* _Task objective_
Your task is to copy each line of the listing that contains the word "ends".

++++++

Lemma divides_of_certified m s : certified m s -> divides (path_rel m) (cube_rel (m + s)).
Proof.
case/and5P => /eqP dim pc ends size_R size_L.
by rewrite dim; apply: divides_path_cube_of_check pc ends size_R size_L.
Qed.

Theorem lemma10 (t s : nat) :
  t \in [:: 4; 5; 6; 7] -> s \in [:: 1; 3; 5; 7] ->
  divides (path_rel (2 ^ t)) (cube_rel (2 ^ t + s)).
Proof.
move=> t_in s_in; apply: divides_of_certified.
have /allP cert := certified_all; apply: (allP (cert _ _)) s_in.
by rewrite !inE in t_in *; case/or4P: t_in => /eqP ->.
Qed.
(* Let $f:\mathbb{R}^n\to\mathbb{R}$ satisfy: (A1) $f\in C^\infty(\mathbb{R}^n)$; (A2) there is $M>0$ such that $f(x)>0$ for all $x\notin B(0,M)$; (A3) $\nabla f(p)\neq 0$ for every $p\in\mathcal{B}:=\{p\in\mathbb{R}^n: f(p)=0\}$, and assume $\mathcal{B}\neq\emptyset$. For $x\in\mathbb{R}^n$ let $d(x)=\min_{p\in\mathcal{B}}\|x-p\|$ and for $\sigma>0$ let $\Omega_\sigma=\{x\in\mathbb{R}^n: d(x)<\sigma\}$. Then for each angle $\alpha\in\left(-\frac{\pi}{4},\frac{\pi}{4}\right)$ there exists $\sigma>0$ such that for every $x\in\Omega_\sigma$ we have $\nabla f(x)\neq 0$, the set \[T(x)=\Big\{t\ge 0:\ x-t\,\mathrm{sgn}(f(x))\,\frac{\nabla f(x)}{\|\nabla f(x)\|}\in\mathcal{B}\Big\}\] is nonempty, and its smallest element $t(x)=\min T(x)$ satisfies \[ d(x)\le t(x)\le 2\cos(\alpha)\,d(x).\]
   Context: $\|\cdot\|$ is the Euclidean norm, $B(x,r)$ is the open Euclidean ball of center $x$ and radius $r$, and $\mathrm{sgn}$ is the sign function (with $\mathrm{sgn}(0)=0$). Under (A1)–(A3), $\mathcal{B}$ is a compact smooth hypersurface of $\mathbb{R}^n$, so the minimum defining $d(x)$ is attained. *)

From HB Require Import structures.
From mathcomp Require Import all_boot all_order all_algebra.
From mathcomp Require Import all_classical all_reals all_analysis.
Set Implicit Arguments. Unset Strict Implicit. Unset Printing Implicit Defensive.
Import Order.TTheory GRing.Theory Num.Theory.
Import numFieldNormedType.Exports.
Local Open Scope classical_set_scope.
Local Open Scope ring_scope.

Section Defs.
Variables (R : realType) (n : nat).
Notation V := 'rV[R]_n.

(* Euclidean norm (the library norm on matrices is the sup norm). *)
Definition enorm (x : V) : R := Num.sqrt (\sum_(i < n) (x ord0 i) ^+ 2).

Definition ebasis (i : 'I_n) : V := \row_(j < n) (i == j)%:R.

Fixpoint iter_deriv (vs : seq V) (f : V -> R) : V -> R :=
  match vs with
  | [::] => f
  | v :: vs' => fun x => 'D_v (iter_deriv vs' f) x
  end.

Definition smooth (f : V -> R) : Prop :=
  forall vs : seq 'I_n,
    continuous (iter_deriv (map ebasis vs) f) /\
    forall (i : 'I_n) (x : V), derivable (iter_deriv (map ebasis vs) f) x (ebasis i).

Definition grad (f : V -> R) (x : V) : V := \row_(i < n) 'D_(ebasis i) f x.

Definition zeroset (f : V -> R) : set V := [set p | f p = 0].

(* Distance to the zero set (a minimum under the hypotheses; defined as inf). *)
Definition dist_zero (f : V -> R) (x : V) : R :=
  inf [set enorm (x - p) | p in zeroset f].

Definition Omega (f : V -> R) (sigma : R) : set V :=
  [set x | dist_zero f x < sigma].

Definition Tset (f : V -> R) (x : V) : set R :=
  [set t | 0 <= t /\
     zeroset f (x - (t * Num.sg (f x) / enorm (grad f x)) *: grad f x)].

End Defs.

++++++

* _Response below_
case/and5P => /eqP dim pc ends size_R size_L.
by rewrite dim; apply: divides_path_cube_of_check pc ends size_R size_L.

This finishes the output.